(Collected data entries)
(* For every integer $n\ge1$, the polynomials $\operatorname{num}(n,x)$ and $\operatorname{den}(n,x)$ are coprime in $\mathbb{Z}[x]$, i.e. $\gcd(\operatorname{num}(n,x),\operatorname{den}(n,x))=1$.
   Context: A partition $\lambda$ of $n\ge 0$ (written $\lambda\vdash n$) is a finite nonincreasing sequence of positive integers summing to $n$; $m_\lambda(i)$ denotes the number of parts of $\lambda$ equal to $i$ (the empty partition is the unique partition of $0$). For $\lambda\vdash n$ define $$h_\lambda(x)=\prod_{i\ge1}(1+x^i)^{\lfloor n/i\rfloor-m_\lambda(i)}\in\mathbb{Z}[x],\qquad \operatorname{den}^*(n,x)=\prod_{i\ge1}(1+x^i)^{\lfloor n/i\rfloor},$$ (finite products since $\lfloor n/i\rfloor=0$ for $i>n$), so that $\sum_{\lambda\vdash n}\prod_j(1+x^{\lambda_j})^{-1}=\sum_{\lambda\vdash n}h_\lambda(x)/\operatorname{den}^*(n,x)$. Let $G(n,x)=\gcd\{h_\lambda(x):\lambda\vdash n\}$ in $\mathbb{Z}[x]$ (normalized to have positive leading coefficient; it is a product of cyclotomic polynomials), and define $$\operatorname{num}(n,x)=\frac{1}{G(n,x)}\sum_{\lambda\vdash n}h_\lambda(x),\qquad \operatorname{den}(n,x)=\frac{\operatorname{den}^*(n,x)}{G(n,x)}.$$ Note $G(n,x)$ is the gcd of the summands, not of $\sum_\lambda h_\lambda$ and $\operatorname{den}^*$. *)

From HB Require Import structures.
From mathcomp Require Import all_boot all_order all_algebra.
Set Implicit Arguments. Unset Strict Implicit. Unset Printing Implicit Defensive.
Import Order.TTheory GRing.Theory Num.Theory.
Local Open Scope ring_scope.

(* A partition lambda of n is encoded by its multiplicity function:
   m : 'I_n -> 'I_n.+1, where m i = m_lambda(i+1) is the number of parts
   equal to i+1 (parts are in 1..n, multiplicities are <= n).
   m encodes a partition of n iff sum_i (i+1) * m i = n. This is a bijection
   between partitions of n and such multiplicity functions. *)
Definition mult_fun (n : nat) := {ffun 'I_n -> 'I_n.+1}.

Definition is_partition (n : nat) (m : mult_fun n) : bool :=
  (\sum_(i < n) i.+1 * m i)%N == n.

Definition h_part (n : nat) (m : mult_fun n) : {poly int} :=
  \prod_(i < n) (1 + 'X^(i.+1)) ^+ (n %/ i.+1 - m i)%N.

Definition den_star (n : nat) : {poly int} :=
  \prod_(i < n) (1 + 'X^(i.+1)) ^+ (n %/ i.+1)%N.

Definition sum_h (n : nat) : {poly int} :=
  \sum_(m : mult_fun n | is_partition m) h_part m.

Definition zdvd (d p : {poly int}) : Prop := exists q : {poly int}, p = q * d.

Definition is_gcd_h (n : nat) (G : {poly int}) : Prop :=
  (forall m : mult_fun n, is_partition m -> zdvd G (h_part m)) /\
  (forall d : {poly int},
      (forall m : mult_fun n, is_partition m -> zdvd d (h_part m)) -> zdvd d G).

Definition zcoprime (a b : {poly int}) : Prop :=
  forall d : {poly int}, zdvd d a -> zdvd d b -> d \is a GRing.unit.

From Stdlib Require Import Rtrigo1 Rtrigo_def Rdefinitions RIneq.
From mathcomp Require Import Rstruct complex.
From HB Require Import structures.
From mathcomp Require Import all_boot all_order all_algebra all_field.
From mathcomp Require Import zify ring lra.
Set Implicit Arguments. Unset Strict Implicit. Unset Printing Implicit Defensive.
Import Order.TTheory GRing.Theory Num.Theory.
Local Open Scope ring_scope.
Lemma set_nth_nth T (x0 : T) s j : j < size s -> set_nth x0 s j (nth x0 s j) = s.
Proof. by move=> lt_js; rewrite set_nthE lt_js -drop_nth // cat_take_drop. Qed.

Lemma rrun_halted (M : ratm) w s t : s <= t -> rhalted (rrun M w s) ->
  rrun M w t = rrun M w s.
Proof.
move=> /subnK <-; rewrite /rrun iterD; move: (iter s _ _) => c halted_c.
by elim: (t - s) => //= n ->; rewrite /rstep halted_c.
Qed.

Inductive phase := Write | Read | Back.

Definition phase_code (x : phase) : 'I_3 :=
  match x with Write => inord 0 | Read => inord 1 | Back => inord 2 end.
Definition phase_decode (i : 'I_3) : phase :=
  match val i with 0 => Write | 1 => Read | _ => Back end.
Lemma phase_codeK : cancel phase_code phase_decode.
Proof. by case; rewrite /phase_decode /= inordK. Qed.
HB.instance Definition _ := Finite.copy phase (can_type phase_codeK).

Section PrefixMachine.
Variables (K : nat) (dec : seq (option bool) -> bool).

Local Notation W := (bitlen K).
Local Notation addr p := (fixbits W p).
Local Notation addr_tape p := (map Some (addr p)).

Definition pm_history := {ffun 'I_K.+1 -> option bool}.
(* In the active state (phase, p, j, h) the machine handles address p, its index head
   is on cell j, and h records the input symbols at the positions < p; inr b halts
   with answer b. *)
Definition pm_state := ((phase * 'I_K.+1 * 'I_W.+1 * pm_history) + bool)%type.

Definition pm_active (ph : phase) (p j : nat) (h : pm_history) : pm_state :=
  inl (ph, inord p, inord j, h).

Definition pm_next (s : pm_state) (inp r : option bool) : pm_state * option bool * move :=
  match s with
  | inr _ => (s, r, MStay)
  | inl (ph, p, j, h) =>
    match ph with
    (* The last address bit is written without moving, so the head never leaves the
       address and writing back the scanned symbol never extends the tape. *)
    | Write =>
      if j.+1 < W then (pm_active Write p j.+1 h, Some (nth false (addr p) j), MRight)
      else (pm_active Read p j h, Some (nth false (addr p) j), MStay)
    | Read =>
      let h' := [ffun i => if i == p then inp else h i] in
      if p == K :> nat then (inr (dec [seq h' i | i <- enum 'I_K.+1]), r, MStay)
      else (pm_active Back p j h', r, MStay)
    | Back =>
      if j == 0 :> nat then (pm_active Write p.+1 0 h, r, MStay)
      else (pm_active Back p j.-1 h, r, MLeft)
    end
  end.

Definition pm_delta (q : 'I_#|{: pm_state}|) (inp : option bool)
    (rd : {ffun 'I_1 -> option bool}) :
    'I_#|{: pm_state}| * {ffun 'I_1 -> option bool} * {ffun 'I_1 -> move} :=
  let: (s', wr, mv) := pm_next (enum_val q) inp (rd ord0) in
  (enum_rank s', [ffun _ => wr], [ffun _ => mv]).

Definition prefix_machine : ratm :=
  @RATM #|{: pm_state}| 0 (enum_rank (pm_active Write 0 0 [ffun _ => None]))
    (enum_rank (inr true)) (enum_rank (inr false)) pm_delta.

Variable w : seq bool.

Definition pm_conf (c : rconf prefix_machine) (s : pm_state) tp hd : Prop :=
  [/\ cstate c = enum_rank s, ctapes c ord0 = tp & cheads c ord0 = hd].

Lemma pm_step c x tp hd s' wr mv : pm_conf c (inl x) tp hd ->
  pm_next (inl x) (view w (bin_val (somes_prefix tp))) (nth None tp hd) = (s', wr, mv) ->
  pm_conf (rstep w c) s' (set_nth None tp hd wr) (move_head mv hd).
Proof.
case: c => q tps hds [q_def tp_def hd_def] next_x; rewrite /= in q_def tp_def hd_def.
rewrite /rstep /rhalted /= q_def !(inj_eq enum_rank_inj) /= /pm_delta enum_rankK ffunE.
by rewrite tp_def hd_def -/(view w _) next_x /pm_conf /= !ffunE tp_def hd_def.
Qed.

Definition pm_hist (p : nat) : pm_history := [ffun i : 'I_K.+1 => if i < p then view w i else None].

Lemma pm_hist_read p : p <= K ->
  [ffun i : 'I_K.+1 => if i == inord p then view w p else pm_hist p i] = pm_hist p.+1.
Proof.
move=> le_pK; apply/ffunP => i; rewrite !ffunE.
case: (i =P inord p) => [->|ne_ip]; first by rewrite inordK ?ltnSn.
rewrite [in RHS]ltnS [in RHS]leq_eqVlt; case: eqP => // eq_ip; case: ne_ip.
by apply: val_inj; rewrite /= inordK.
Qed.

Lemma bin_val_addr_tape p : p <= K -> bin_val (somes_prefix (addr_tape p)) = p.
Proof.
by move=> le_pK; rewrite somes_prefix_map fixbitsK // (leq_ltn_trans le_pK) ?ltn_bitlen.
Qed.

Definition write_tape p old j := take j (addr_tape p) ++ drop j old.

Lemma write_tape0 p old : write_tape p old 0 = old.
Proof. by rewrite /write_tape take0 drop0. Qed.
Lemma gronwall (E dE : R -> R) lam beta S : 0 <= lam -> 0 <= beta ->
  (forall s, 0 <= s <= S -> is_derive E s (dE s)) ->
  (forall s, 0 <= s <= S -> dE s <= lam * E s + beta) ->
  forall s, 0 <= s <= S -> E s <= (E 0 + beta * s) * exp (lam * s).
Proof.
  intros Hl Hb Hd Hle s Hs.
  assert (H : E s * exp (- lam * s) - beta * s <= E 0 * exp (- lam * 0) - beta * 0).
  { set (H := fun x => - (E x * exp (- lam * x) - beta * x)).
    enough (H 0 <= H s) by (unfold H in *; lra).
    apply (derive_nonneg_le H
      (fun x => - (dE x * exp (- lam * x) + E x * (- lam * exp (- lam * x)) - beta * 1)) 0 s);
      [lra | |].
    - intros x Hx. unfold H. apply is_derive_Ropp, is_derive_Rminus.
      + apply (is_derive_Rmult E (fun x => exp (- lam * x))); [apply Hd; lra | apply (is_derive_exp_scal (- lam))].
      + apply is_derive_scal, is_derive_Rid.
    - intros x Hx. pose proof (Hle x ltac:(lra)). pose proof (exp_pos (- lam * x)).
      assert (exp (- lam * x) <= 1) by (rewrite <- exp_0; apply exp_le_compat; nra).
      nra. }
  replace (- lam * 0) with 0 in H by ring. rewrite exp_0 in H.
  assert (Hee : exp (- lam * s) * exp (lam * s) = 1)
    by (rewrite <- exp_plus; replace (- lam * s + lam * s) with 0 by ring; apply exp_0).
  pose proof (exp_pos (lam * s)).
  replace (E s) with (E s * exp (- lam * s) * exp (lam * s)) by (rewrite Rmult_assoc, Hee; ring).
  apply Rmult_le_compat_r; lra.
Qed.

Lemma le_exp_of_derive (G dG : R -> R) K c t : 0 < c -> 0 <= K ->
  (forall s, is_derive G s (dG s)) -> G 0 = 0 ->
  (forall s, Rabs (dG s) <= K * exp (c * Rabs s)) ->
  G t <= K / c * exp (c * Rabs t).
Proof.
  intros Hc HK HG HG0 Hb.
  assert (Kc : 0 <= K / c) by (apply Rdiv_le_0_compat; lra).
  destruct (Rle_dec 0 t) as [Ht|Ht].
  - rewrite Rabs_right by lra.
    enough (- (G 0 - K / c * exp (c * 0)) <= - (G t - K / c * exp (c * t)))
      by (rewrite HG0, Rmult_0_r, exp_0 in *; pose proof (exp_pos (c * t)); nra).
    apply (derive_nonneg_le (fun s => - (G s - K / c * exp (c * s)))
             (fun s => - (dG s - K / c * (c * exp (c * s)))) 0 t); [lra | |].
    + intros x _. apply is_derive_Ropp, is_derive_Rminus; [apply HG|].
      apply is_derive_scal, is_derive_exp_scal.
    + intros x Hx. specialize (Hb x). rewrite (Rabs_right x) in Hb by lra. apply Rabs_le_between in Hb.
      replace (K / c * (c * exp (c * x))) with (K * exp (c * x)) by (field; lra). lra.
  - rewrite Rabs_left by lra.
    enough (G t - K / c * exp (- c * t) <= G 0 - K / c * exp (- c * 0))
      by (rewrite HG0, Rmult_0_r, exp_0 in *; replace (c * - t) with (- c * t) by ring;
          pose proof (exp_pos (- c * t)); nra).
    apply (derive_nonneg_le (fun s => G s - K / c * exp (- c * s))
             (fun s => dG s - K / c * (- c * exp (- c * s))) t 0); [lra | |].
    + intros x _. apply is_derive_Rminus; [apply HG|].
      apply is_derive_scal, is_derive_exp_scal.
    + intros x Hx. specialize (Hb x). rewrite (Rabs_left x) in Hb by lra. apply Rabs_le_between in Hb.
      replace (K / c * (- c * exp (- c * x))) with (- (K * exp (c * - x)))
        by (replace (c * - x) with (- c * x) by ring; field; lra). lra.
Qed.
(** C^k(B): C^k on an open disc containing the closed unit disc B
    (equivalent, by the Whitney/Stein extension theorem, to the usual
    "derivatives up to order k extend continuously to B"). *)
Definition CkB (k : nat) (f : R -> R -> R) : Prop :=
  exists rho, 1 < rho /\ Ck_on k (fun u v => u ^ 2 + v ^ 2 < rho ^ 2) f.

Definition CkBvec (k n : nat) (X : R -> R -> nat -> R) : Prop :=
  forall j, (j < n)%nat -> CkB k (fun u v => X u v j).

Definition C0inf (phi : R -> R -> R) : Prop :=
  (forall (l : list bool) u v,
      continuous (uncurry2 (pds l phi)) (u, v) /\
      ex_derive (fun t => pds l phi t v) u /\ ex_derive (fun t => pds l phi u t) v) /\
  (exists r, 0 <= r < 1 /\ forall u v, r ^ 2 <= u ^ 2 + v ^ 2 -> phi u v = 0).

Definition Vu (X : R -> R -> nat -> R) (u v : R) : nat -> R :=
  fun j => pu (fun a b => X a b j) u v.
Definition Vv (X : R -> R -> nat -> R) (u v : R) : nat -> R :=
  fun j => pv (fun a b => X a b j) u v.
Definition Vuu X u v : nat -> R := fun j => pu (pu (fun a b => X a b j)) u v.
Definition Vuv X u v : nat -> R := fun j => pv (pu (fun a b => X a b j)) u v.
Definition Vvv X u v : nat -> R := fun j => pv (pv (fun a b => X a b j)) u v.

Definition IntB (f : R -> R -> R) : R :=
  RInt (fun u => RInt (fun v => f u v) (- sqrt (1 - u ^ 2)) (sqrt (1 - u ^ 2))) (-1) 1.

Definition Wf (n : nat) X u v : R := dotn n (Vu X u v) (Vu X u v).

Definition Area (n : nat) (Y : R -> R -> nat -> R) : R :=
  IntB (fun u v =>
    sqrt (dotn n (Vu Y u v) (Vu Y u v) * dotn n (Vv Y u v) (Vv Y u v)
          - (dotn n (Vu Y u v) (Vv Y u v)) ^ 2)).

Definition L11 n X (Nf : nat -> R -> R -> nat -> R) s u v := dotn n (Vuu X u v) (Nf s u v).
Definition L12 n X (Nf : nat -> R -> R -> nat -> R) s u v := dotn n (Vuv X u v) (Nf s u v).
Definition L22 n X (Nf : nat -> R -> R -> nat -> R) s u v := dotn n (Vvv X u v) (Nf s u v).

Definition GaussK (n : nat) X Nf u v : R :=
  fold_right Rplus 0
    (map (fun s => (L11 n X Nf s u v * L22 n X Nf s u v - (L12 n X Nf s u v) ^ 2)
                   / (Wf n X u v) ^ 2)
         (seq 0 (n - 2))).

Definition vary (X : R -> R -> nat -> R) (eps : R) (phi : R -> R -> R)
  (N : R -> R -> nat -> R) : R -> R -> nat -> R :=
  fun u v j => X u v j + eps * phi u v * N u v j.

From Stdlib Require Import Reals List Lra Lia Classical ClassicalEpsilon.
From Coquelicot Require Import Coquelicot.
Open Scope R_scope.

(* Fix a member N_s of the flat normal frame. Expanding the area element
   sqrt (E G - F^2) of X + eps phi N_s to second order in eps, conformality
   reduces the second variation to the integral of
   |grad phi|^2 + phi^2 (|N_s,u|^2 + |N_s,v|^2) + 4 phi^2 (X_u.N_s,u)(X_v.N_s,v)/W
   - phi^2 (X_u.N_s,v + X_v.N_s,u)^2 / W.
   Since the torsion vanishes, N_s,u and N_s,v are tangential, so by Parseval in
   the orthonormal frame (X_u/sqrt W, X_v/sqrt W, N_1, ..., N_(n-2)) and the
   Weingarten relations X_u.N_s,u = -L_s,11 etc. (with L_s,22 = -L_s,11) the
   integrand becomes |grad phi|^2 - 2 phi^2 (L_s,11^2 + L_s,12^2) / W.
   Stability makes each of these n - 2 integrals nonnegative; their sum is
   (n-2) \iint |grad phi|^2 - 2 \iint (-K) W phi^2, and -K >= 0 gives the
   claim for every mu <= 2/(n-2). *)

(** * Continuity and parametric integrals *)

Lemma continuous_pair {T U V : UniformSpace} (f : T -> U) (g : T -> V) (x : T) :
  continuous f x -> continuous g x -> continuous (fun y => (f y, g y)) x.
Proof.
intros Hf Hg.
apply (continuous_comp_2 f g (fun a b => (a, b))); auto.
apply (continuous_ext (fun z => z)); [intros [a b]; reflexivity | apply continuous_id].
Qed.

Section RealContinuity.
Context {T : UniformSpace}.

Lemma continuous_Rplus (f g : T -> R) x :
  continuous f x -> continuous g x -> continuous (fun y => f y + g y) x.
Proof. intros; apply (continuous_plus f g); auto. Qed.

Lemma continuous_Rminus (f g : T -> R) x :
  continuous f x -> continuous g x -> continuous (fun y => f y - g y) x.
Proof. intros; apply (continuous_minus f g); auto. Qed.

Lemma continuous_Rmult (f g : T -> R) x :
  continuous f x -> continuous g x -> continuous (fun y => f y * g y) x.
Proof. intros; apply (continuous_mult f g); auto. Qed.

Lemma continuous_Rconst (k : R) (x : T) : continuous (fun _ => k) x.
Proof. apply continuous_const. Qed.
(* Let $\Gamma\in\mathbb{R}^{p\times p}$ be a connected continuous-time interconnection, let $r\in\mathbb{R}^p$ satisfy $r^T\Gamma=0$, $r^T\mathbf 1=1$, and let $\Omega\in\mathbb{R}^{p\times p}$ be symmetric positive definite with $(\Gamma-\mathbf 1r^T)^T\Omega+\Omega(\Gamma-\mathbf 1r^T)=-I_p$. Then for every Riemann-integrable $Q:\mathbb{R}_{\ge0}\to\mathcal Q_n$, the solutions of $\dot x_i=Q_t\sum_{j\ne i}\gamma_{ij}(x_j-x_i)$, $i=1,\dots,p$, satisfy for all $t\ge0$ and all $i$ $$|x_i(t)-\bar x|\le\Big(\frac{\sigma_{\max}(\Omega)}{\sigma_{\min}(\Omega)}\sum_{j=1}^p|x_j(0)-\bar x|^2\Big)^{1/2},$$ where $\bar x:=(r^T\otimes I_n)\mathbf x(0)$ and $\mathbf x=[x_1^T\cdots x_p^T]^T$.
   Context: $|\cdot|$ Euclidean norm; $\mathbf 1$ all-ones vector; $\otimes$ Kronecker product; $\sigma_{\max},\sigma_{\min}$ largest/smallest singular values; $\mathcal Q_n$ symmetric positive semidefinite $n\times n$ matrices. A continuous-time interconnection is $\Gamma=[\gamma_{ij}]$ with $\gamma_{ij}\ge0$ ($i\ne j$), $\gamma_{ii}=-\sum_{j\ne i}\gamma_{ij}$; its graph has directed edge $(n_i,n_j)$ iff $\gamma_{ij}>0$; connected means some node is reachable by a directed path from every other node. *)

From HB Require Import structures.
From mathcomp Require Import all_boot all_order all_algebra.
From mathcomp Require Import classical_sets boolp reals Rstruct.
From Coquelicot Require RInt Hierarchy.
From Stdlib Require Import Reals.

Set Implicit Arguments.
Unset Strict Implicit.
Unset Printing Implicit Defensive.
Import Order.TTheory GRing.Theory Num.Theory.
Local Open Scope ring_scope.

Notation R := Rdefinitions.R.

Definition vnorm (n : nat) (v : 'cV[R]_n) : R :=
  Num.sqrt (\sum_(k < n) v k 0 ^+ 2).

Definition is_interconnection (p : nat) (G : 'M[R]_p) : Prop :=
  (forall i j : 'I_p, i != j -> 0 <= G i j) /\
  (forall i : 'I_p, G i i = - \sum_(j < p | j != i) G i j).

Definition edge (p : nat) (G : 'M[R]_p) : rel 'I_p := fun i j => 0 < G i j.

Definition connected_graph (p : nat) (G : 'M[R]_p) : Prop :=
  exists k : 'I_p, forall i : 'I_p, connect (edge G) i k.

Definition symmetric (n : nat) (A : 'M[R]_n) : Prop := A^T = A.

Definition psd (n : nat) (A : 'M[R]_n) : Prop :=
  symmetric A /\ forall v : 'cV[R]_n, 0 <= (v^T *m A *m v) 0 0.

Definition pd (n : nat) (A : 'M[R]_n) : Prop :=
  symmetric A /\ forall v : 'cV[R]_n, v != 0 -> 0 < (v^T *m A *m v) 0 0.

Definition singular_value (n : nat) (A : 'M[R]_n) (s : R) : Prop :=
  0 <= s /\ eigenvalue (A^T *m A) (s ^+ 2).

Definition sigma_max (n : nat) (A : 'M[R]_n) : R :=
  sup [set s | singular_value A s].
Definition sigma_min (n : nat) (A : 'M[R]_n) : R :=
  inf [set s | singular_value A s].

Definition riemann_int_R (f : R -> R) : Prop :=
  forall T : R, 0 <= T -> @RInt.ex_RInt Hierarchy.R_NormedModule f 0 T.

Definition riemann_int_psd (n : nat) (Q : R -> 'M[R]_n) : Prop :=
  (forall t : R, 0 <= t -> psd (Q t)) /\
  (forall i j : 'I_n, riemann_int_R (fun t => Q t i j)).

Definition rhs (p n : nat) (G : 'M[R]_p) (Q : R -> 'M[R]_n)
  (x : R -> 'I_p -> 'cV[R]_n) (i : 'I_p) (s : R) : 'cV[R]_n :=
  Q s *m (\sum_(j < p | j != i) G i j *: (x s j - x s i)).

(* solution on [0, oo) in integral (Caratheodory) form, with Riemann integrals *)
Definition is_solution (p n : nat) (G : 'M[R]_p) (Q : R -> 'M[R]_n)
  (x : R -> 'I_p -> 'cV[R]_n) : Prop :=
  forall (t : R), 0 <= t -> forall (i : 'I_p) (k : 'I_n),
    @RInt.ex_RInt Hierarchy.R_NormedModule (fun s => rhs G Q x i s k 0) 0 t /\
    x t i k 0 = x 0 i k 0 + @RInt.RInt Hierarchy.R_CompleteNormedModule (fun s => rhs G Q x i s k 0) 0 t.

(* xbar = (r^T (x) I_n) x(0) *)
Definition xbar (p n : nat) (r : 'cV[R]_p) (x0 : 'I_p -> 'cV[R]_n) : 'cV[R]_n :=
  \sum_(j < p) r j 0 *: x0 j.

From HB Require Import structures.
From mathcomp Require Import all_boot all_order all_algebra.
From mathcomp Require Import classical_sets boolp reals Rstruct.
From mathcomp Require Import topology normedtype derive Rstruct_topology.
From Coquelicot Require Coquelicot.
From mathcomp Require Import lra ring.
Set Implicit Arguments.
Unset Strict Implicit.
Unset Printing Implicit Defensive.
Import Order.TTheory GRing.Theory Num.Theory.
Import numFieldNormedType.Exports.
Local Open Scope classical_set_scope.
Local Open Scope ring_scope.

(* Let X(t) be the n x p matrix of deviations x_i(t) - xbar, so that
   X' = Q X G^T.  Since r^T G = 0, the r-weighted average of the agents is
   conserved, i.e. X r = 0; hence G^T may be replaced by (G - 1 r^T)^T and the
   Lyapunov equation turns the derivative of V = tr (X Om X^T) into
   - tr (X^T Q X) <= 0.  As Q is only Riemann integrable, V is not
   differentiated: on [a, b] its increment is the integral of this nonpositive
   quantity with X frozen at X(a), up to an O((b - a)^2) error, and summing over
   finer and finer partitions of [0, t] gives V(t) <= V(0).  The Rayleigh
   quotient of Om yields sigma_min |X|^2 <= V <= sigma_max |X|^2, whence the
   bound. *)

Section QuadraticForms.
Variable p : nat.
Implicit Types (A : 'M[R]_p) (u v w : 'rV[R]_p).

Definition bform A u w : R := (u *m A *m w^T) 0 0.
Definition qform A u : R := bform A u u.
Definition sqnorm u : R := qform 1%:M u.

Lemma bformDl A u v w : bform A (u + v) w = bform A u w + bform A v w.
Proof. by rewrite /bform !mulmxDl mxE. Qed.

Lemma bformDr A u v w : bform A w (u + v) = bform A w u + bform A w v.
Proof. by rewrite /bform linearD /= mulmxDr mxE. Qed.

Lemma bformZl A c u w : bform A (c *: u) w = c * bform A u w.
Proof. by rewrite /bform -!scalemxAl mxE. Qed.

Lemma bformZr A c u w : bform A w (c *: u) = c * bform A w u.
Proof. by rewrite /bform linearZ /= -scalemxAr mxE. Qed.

# What needs to be done:
Only the lines above starting at the one containing "Weingarten relations X_u.N_s,u" and ending at the one containing "Proof. apply continuous_const. Qed.", both included, are to be returned, exactly as they read.

# Task result:
   Weingarten relations X_u.N_s,u = -L_s,11 etc. (with L_s,22 = -L_s,11) the
   integrand becomes |grad phi|^2 - 2 phi^2 (L_s,11^2 + L_s,12^2) / W.
   Stability makes each of these n - 2 integrals nonnegative; their sum is
   (n-2) \iint |grad phi|^2 - 2 \iint (-K) W phi^2, and -K >= 0 gives the
   claim for every mu <= 2/(n-2). *)

(** * Continuity and parametric integrals *)

Lemma continuous_pair {T U V : UniformSpace} (f : T -> U) (g : T -> V) (x : T) :
  continuous f x -> continuous g x -> continuous (fun y => (f y, g y)) x.
Proof.
intros Hf Hg.
apply (continuous_comp_2 f g (fun a b => (a, b))); auto.
apply (continuous_ext (fun z => z)); [intros [a b]; reflexivity | apply continuous_id].
Qed.

Section RealContinuity.
Context {T : UniformSpace}.

Lemma continuous_Rplus (f g : T -> R) x :
  continuous f x -> continuous g x -> continuous (fun y => f y + g y) x.
Proof. intros; apply (continuous_plus f g); auto. Qed.

Lemma continuous_Rminus (f g : T -> R) x :
  continuous f x -> continuous g x -> continuous (fun y => f y - g y) x.
Proof. intros; apply (continuous_minus f g); auto. Qed.

Lemma continuous_Rmult (f g : T -> R) x :
  continuous f x -> continuous g x -> continuous (fun y => f y * g y) x.
Proof. intros; apply (continuous_mult f g); auto. Qed.

Lemma continuous_Rconst (k : R) (x : T) : continuous (fun _ => k) x.
Proof. apply continuous_const. Qed.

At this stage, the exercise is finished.